Тихая разведка - страница 52

стр.

— Пожалуй, самое время ретироваться, елки точеные! — пряча бинокль в складках куртки, сказал Двуреченский и, неторопливо, словно прогуливаясь, вошел в низкорослый редковатый ельник. Трое разведчиков пересекли дорогу. Здесь уже шел густой, нетронутый и необозримый во все стороны лес, сливающийся дымчатой каемкой с линией горизонта. Подошвы обуви, касаясь поверхности земли, мягко пружинили на толстой подушке зеленеющего мха, разнотравья и опавших листьев, поглощая шум шагов.

Чьи-то голоса первым услышал следующий вслед за старшиной Иван Щегольков. Разведчики залегли, вжимаясь в податливый мох и настил листьев. Затем по-пластунски стали передвигаться вперед, на звук русской речи.

— Это власовцы! Идут они чуть впереди нас, по тропе через ельник, в северном направлении. Их пятеро, а может, трое, — прошептал Щегольков, поворачивая голову к Двуреченскому и Юлаеву. — Укоротить бы им языки… Я бы этим жабам…

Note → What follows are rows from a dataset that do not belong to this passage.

(* Let $M,N$ be weights of $\mathbb{R}^m,\mathbb{R}^n$, let $A\in\mathbb{R}^{m\times n}$ with $MA=AN$, and let $K\subseteq\mathbb{R}^n$ be a closed cone. Then $$(A^{[\dagger]})^{[*]}\circ I\circ K^{[*]}\subseteq A\circ I\circ K+\mathcal{N}\big((A\circ I)^{[*]}\big)\iff (A^{[*]}\circ A)^{[\dagger]}\circ K^{[*]}\subseteq K+\mathcal{N}(A\circ I).$$
   Context: A weight is a real symmetric matrix $W$ with $W^2=I$. $\mathbb{R}^m$ and $\mathbb{R}^n$ carry weights $M\in\mathbb{R}^{m\times m}$ and $N\in\mathbb{R}^{n\times n}$, respectively. The indefinite inner product on the space with weight $W$ is $[x,y]=\langle x,Wy\rangle$. Indefinite matrix product: if $B$ has $p$ columns and $C$ has $p$ rows (or is a vector in $\mathbb{R}^p$), $p\in\{m,n\}$, and $W$ is the weight of $\mathbb{R}^p$, then $B\circ C:=BWC$. $I$ denotes an identity matrix of the appropriate size; e.g. $A^{[*]}\circ A=A^{[*]}MA$. Indefinite adjoint of $B\in\mathbb{R}^{p\times q}$: $B^{[*]}:=W_qB^TW_p$, where $W_p,W_q$ are the weights of $\mathbb{R}^p,\mathbb{R}^q$. Indefinite Moore–Penrose inverse: for $B\in\mathbb{R}^{p\times q}$, $B^{[\dagger]}$ is the unique $X\in\mathbb{R}^{q\times p}$ such that - $B\circ X\circ B=B$, - $X\circ B\circ X=X$, - $(B\circ X)^{[*]}=B\circ X$, - $(X\circ B)^{[*]}=X\circ B$. It equals $W_qB^\dagger W_p$. Range and null space: for a matrix $B$ with $q$ columns, $\mathcal{R}(B)=\{B\circ x:x\in\mathbb{R}^q\}$ and $\mathcal{N}(B)=\{x\in\mathbb{R}^q:B\circ x=0\}$. A cone is a nonempty set closed under addition and under multiplication by nonnegative scalars. For $S$ a subset of $\mathbb{R}^p$ with weight $W$, the dual is $S^{[*]}=\{x\in\mathbb{R}^p:[x,t]\ge0\ \forall t\in S\}$. For a matrix $B$ and a set $S$, $B\circ S=\{B\circ s:s\in S\}$. The sum of sets is the Minkowski sum. *)

From HB Require Import structures.
From Stdlib Require Import Reals ClassicalEpsilon FunctionalExtensionality.
From mathcomp Require Import all_boot all_order all_algebra.

Set Implicit Arguments.
Unset Strict Implicit.
Unset Printing Implicit Defensive.

Definition Req_bool (x y : R) : bool := if Req_EM_T x y then true else false.

Lemma Req_boolP : Equality.axiom Req_bool.
Proof. by move=> x y; rewrite /Req_bool; case: Req_EM_T => h; constructor. Qed.

HB.instance Definition _ := hasDecEq.Build R Req_boolP.

Definition R_find (P : pred R) (n : nat) : option R :=
  match excluded_middle_informative (exists x, P x) with
  | left h => Some (proj1_sig (constructive_indefinite_description _ h))
  | right _ => None
  end.

Lemma R_find_correct P n x : R_find P n = Some x -> P x.
Proof.
rewrite /R_find; case: excluded_middle_informative => // h [<-].
exact: (proj2_sig (constructive_indefinite_description _ h)).
Qed.

Lemma R_find_complete (P : pred R) : (exists x, P x) -> exists n, R_find P n.
Proof. by move=> h; exists 0%N; rewrite /R_find; case: excluded_middle_informative. Qed.

Lemma R_find_ext (P Q : pred R) : P =1 Q -> R_find P =1 R_find Q.
Proof. by move=> /functional_extensionality ->. Qed.

HB.instance Definition _ := hasChoice.Build R R_find_correct R_find_complete R_find_ext.

Lemma R_addA : associative Rplus. Proof. by move=> x y z; rewrite Rplus_assoc. Qed.
Lemma R_addC : commutative Rplus. Proof. exact: Rplus_comm. Qed.
Lemma R_add0 : left_id R0 Rplus. Proof. exact: Rplus_0_l. Qed.
Lemma R_addN : left_inverse R0 Ropp Rplus. Proof. exact: Rplus_opp_l. Qed.

HB.instance Definition _ := GRing.isZmodule.Build R R_addA R_addC R_add0 R_addN.

Lemma R_mulA : associative Rmult. Proof. by move=> x y z; rewrite Rmult_assoc. Qed.
Lemma R_mulC : commutative Rmult. Proof. exact: Rmult_comm. Qed.
Lemma R_mul1 : left_id R1 Rmult. Proof. exact: Rmult_1_l. Qed.
Lemma R_mulDl : left_distributive Rmult Rplus.
Proof. by move=> x y z; rewrite Rmult_plus_distr_r. Qed.
Lemma R_one_neq0 : R1 != R0.
Proof. by apply/negP => /eqP; apply: R1_neq_R0. Qed.

HB.instance Definition _ :=
  GRing.Zmodule_isComNzRing.Build R R_mulA R_mulC R_mul1 R_mulDl R_one_neq0.

Import GRing.Theory.
Local Open Scope ring_scope.

Definition is_weight (p : nat) (W : 'M[R]_p) : Prop :=
  W^T = W /\ W *m W = 1%:M.

(* Indefinite matrix product B o C := B W C, W the weight of R^p
   (p = number of columns of B = number of rows of C). *)
Definition iprod (k p q : nat) (W : 'M[R]_p) (B : 'M[R]_(k, p)) (C : 'M[R]_(p, q))
  : 'M[R]_(k, q) := B *m W *m C.

Definition iadj (p q : nat) (Wp : 'M[R]_p) (Wq : 'M[R]_q) (B : 'M[R]_(p, q))
  : 'M[R]_(q, p) := Wq *m B^T *m Wp.

Definition is_imp_inverse (p q : nat) (Wp : 'M[R]_p) (Wq : 'M[R]_q)
  (B : 'M[R]_(p, q)) (X : 'M[R]_(q, p)) : Prop :=
  [/\ iprod Wp (iprod Wq B X) B = B,
      iprod Wq (iprod Wp X B) X = X,
      iadj Wp Wp (iprod Wq B X) = iprod Wq B X
    & iadj Wq Wq (iprod Wp X B) = iprod Wp X B].

Definition imp_inv (p q : nat) (Wp : 'M[R]_p) (Wq : 'M[R]_q) (B : 'M[R]_(p, q))
  : 'M[R]_(q, p) :=
  epsilon (inhabits 0) (is_imp_inverse Wp Wq B).

Definition vset (p : nat) := 'cV[R]_p -> Prop.

Definition subset_v (p : nat) (S T : vset p) : Prop := forall x, S x -> T x.

Definition msum (p : nat) (S T : vset p) : vset p :=
  fun x => exists a b, S a /\ T b /\ x = a + b.

Definition iimage (k q : nat) (W : 'M[R]_q) (B : 'M[R]_(k, q)) (S : vset q) : vset k :=
  fun y => exists s, S s /\ y = iprod W B s.

Definition inull (k q : nat) (W : 'M[R]_q) (B : 'M[R]_(k, q)) : vset q :=
  fun x => iprod W B x = 0.

Definition iinner (p : nat) (W : 'M[R]_p) (x y : 'cV[R]_p) : R :=
  (x^T *m W *m y) 0 0.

— Чтобы хорошо рассмотреть этих вояк, еще чуть вперед. И — ша… Замереть, никакой самодеятельности!

Первым показался на тропе коренастый, пышноволосый власовец. Забавно смотрелась на его покатом лбу косая челочка черных волос, придававшая ему несколько легкомысленный вид… Светло-коричневые глаза его равнодушно смотрели вокруг. Во всех движениях чувствовались бравада и уверенность. Пухлые розовеющие щеки и оттопыренная нижняя губа, что называется, греческий профиль, весь его собранный, опрятный вид вызывали у Егора Двуреченского еще не вполне осознанную ассоциацию, будоражащую память. Он смотрел на этого человека пристально, словно прожигая его насквозь сузившимися глазами, и не мог поверить самому себе, что видит знакомое лицо. Навязчивое видение привело его в оцепенение. Он, не веря своим глазам, мысленно чертыхнулся и закрыл их на мгновение. Но образ увиденного им человека еще четче вырисовывался в памяти. Поравнявшийся с засадой разведчиков парень, шедший во главе группы из трех власовцев, вооруженных советскими пистолетами-пулеметами Шпагина, пожалуй, не был двойником того, кого он знал давно, еще с детства. Двуреченский не замечал, не видел тех троих, которые шагали в цепочке за первым. Эти солдаты предателя генерала Власова, изменники, по которым давно плакала петля, сами по себе не представляли для него ни малейшего интереса. По существу, они не входили в его сознание и являлись как бы незначительными деталями картины, развернувшейся в пространстве. Не доверяя своей интуиции и застыв в напряжении, он ждал, еще не понимая чего именно, но уже уверенный в том, что один присущий только этому человеку штрих рассеет его сомнения.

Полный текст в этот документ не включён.